■ Task prompt
Return every line of the records that includes the string "pose".

■ Data for this task
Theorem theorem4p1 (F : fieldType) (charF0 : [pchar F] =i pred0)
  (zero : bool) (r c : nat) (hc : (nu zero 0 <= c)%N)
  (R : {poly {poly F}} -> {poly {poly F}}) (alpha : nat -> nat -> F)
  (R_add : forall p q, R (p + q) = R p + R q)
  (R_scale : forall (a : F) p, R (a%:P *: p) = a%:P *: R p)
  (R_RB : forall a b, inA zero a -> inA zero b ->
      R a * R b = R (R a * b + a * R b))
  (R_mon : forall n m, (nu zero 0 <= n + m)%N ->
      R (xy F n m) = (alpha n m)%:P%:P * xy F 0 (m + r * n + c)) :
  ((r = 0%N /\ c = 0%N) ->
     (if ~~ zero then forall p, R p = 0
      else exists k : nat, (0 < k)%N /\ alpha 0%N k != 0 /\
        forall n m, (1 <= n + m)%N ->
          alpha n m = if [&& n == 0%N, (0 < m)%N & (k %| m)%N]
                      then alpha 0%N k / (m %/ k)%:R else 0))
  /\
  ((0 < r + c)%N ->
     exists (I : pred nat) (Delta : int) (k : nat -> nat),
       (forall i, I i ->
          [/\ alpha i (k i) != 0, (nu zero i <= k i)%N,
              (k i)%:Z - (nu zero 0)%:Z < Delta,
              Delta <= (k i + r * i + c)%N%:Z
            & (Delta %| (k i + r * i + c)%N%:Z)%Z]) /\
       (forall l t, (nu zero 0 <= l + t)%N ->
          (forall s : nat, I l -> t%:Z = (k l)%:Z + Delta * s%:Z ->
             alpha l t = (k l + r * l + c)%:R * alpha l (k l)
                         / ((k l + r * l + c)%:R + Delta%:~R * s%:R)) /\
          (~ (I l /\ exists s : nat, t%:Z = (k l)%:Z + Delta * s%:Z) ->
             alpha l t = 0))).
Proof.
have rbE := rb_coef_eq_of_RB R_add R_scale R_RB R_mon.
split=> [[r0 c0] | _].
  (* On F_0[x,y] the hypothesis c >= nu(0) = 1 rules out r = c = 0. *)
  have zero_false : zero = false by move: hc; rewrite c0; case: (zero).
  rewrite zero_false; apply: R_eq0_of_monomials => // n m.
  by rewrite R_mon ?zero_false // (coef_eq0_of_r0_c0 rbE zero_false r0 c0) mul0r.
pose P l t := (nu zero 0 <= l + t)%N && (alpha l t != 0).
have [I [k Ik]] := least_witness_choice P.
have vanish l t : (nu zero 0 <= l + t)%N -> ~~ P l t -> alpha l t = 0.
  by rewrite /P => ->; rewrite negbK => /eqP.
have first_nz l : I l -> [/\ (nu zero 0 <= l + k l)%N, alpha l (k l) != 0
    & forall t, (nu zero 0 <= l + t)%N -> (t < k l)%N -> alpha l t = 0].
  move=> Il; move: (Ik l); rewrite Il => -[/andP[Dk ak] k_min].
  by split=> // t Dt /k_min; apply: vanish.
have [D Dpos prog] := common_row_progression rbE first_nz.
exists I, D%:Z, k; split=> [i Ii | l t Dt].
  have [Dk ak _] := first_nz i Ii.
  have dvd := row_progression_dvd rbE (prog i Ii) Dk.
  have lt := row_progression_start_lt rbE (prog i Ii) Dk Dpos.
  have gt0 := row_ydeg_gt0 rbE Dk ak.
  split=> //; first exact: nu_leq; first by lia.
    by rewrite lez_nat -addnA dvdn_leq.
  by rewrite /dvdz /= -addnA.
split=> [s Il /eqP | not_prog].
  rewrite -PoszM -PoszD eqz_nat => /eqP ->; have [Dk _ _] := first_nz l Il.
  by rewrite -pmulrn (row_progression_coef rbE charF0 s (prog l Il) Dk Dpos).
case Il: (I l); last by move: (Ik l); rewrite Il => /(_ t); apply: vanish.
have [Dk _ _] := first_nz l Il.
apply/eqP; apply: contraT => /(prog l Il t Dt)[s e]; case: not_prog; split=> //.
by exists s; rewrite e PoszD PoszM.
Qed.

* * *

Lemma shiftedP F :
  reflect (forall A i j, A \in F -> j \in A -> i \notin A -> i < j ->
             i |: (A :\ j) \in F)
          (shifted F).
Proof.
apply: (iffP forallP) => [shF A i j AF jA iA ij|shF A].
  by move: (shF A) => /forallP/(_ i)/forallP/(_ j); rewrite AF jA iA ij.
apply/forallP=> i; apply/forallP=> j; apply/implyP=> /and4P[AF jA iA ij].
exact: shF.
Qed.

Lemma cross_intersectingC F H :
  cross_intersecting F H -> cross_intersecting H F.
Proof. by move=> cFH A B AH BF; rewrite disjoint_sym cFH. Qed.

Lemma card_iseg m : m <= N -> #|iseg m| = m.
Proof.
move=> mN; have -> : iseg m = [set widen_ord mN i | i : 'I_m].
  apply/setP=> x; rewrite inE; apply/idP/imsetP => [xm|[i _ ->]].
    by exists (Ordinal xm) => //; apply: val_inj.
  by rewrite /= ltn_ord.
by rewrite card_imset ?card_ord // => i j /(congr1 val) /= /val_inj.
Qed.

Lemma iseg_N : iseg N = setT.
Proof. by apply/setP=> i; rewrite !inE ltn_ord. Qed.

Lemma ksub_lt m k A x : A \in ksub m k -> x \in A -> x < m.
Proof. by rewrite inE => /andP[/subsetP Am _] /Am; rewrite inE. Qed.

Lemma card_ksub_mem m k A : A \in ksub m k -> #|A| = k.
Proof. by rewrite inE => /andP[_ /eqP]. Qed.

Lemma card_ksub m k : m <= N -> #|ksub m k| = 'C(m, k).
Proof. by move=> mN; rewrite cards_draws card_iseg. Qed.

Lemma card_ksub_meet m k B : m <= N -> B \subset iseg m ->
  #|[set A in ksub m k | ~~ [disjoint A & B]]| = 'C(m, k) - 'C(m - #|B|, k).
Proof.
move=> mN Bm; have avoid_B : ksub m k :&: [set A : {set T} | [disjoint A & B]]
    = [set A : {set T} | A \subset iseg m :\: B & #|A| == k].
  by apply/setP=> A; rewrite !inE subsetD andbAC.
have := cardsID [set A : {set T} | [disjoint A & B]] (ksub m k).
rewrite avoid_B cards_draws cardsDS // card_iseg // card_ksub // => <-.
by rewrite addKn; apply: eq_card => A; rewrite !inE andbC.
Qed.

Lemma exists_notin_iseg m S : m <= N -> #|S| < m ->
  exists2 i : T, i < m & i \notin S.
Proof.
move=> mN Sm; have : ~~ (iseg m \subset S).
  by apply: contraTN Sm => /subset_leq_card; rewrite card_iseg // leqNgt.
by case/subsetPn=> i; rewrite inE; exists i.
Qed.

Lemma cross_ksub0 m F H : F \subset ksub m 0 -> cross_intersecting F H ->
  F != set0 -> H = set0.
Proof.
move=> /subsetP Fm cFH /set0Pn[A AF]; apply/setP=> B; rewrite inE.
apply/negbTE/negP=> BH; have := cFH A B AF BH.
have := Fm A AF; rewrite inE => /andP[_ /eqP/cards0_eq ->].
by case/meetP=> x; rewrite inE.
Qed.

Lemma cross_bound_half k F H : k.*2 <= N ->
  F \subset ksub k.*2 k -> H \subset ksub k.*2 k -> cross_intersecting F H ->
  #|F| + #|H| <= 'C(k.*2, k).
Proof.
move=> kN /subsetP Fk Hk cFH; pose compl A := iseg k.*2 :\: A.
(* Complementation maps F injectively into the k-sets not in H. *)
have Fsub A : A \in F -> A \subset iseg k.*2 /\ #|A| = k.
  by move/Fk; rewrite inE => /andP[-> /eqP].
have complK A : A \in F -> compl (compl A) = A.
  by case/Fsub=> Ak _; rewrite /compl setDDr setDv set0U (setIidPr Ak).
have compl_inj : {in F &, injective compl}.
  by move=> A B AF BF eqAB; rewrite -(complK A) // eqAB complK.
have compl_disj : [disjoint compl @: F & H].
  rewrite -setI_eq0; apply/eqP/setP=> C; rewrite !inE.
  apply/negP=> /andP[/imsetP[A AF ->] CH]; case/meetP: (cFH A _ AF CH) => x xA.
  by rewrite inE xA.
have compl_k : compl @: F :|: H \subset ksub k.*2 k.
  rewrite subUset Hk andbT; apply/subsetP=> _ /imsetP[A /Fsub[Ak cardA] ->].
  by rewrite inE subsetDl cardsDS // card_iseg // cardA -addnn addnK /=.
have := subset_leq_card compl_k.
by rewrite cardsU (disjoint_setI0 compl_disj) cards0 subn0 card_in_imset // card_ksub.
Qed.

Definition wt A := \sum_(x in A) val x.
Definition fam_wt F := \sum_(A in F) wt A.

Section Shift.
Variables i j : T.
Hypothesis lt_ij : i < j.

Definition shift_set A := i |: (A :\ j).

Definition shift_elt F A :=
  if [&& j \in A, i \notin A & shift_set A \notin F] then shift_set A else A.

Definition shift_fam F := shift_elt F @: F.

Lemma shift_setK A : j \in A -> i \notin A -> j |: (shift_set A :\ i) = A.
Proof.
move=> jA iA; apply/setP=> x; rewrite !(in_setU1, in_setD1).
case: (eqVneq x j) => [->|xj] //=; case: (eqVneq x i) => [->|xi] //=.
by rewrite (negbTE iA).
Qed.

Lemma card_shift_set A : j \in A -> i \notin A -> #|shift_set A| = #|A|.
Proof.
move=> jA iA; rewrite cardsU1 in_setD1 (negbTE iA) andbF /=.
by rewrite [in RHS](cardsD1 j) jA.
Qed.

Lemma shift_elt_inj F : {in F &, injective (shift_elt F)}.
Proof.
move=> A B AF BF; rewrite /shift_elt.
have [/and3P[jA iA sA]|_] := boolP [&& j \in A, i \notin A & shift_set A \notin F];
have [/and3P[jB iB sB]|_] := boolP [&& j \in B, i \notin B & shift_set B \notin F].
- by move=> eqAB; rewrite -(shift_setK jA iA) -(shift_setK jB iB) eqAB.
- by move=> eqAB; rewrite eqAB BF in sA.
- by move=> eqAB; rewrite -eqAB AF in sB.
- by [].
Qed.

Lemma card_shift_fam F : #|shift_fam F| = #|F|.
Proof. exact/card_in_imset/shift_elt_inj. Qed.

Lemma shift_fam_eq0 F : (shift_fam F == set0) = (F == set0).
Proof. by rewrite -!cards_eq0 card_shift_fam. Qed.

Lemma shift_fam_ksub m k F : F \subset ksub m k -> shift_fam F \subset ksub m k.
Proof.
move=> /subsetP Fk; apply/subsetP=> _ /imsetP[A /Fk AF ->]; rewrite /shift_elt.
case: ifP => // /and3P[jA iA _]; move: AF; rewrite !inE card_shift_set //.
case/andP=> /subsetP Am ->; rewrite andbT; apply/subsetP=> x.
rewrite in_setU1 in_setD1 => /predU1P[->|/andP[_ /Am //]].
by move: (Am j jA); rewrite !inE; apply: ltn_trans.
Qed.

■ Exercise solution
pose P l t := (nu zero 0 <= l + t)%N && (alpha l t != 0).
move=> kN /subsetP Fk Hk cFH; pose compl A := iseg k.*2 :\: A.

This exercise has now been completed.